Write out, word for word, the first line of the data below and every line after it through the one containing "Lemma yspec1_neq0 k : ys 1 k != 0.".

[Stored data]
----------
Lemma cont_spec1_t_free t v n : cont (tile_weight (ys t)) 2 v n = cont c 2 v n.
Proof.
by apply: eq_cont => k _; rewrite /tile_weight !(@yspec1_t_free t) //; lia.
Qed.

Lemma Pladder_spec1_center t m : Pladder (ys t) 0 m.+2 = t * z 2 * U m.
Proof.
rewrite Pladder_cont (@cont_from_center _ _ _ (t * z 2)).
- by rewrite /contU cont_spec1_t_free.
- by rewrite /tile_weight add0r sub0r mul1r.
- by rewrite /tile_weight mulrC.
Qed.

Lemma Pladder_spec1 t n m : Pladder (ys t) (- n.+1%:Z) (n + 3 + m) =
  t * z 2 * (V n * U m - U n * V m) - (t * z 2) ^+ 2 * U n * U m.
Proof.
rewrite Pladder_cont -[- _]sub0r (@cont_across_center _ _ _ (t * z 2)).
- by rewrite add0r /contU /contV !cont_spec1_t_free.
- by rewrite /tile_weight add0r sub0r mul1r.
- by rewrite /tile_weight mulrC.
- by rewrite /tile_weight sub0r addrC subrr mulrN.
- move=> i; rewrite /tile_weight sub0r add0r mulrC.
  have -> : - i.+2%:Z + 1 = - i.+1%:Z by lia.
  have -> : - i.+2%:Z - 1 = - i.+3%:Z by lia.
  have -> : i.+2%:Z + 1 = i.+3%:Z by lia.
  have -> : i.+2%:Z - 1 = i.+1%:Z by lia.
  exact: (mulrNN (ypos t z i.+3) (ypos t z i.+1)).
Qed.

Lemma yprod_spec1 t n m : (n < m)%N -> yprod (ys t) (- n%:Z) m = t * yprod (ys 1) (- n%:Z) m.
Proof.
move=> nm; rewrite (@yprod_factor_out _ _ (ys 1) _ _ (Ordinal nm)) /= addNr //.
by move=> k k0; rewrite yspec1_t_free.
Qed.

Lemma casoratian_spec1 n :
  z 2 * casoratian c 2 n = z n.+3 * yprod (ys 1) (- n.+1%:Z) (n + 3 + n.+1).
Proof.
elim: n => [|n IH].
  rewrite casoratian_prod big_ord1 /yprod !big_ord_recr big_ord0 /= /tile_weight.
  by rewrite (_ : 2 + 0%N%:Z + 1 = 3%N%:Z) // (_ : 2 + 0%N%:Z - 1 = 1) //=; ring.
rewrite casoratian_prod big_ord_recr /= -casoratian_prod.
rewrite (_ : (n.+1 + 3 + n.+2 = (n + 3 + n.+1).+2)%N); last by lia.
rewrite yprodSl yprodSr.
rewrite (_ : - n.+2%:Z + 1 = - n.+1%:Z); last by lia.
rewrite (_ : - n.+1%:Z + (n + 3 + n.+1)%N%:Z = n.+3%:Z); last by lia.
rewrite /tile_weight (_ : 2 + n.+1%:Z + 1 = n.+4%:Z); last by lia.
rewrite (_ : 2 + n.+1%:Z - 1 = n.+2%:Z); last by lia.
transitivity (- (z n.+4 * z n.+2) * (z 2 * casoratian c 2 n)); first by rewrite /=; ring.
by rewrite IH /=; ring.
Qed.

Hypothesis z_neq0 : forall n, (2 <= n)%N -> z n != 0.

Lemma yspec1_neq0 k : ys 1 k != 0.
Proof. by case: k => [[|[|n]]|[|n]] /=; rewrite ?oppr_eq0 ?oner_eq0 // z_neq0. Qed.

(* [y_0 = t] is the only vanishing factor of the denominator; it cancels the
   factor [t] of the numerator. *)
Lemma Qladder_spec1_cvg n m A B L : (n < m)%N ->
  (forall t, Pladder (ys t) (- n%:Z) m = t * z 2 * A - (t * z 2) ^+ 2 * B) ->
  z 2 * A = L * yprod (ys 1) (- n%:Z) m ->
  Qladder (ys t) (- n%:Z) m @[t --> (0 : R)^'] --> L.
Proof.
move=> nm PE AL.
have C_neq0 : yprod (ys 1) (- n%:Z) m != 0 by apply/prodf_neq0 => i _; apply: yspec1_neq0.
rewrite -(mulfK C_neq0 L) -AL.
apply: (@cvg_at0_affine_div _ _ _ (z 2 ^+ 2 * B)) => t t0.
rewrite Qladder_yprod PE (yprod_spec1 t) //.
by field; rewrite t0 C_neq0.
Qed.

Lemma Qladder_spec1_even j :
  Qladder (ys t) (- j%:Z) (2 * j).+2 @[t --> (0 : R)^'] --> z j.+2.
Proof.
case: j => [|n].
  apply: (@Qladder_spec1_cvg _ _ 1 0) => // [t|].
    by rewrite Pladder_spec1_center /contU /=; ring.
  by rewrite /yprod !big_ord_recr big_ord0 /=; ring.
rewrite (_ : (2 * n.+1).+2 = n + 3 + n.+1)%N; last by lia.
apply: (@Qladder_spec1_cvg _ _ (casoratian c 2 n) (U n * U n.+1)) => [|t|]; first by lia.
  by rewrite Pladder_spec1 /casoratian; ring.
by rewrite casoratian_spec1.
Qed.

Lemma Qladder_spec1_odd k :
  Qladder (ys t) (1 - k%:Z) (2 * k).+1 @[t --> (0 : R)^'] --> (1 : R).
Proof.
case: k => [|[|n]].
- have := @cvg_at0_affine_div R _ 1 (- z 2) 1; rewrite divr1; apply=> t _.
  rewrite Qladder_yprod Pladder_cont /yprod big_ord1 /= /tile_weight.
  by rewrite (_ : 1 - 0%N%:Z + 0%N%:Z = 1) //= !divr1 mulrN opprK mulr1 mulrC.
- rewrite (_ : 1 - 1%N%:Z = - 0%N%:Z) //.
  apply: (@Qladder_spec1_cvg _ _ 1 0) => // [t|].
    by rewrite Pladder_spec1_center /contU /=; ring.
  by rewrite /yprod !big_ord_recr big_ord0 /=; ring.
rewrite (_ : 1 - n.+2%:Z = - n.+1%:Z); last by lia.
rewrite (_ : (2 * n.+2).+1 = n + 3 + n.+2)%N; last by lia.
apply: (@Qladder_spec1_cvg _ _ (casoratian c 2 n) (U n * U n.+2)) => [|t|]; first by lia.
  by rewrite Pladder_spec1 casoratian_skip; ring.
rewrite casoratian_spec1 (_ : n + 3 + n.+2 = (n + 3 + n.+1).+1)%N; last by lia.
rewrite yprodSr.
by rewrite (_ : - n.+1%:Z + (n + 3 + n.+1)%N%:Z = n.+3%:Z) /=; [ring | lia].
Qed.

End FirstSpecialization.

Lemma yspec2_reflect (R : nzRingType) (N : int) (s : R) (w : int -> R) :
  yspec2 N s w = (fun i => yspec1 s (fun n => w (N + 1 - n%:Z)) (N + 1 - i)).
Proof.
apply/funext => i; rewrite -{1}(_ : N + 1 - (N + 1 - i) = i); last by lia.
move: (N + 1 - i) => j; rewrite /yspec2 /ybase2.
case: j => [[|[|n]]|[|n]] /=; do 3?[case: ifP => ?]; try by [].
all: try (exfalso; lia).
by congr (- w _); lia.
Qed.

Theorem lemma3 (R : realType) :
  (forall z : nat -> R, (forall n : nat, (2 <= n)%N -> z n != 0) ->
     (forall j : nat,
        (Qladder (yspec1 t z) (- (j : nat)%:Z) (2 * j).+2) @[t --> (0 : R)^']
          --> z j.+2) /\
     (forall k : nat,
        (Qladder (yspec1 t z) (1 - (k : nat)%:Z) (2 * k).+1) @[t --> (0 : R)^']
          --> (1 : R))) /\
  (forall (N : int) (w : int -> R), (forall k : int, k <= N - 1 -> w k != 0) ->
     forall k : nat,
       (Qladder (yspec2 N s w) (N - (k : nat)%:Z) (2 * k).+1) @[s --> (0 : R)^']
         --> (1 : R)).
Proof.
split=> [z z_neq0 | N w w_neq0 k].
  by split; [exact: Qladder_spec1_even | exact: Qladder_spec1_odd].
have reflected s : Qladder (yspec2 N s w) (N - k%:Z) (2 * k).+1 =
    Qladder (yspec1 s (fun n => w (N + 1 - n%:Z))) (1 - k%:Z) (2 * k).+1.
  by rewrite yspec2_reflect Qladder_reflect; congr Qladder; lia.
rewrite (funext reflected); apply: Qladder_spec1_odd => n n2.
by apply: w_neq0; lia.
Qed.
----------
• **PROBLEM SOLUTION**
Lemma cont_spec1_t_free t v n : cont (tile_weight (ys t)) 2 v n = cont c 2 v n.
Proof.
by apply: eq_cont => k _; rewrite /tile_weight !(@yspec1_t_free t) //; lia.
Qed.

Lemma Pladder_spec1_center t m : Pladder (ys t) 0 m.+2 = t * z 2 * U m.
Proof.
rewrite Pladder_cont (@cont_from_center _ _ _ (t * z 2)).
- by rewrite /contU cont_spec1_t_free.
- by rewrite /tile_weight add0r sub0r mul1r.
- by rewrite /tile_weight mulrC.
Qed.

Lemma Pladder_spec1 t n m : Pladder (ys t) (- n.+1%:Z) (n + 3 + m) =
  t * z 2 * (V n * U m - U n * V m) - (t * z 2) ^+ 2 * U n * U m.
Proof.
rewrite Pladder_cont -[- _]sub0r (@cont_across_center _ _ _ (t * z 2)).
- by rewrite add0r /contU /contV !cont_spec1_t_free.
- by rewrite /tile_weight add0r sub0r mul1r.
- by rewrite /tile_weight mulrC.
- by rewrite /tile_weight sub0r addrC subrr mulrN.
- move=> i; rewrite /tile_weight sub0r add0r mulrC.
  have -> : - i.+2%:Z + 1 = - i.+1%:Z by lia.
  have -> : - i.+2%:Z - 1 = - i.+3%:Z by lia.
  have -> : i.+2%:Z + 1 = i.+3%:Z by lia.
  have -> : i.+2%:Z - 1 = i.+1%:Z by lia.
  exact: (mulrNN (ypos t z i.+3) (ypos t z i.+1)).
Qed.

Lemma yprod_spec1 t n m : (n < m)%N -> yprod (ys t) (- n%:Z) m = t * yprod (ys 1) (- n%:Z) m.
Proof.
move=> nm; rewrite (@yprod_factor_out _ _ (ys 1) _ _ (Ordinal nm)) /= addNr //.
by move=> k k0; rewrite yspec1_t_free.
Qed.

Lemma casoratian_spec1 n :
  z 2 * casoratian c 2 n = z n.+3 * yprod (ys 1) (- n.+1%:Z) (n + 3 + n.+1).
Proof.
elim: n => [|n IH].
  rewrite casoratian_prod big_ord1 /yprod !big_ord_recr big_ord0 /= /tile_weight.
  by rewrite (_ : 2 + 0%N%:Z + 1 = 3%N%:Z) // (_ : 2 + 0%N%:Z - 1 = 1) //=; ring.
rewrite casoratian_prod big_ord_recr /= -casoratian_prod.
rewrite (_ : (n.+1 + 3 + n.+2 = (n + 3 + n.+1).+2)%N); last by lia.
rewrite yprodSl yprodSr.
rewrite (_ : - n.+2%:Z + 1 = - n.+1%:Z); last by lia.
rewrite (_ : - n.+1%:Z + (n + 3 + n.+1)%N%:Z = n.+3%:Z); last by lia.
rewrite /tile_weight (_ : 2 + n.+1%:Z + 1 = n.+4%:Z); last by lia.
rewrite (_ : 2 + n.+1%:Z - 1 = n.+2%:Z); last by lia.
transitivity (- (z n.+4 * z n.+2) * (z 2 * casoratian c 2 n)); first by rewrite /=; ring.
by rewrite IH /=; ring.
Qed.

Hypothesis z_neq0 : forall n, (2 <= n)%N -> z n != 0.

Lemma yspec1_neq0 k : ys 1 k != 0.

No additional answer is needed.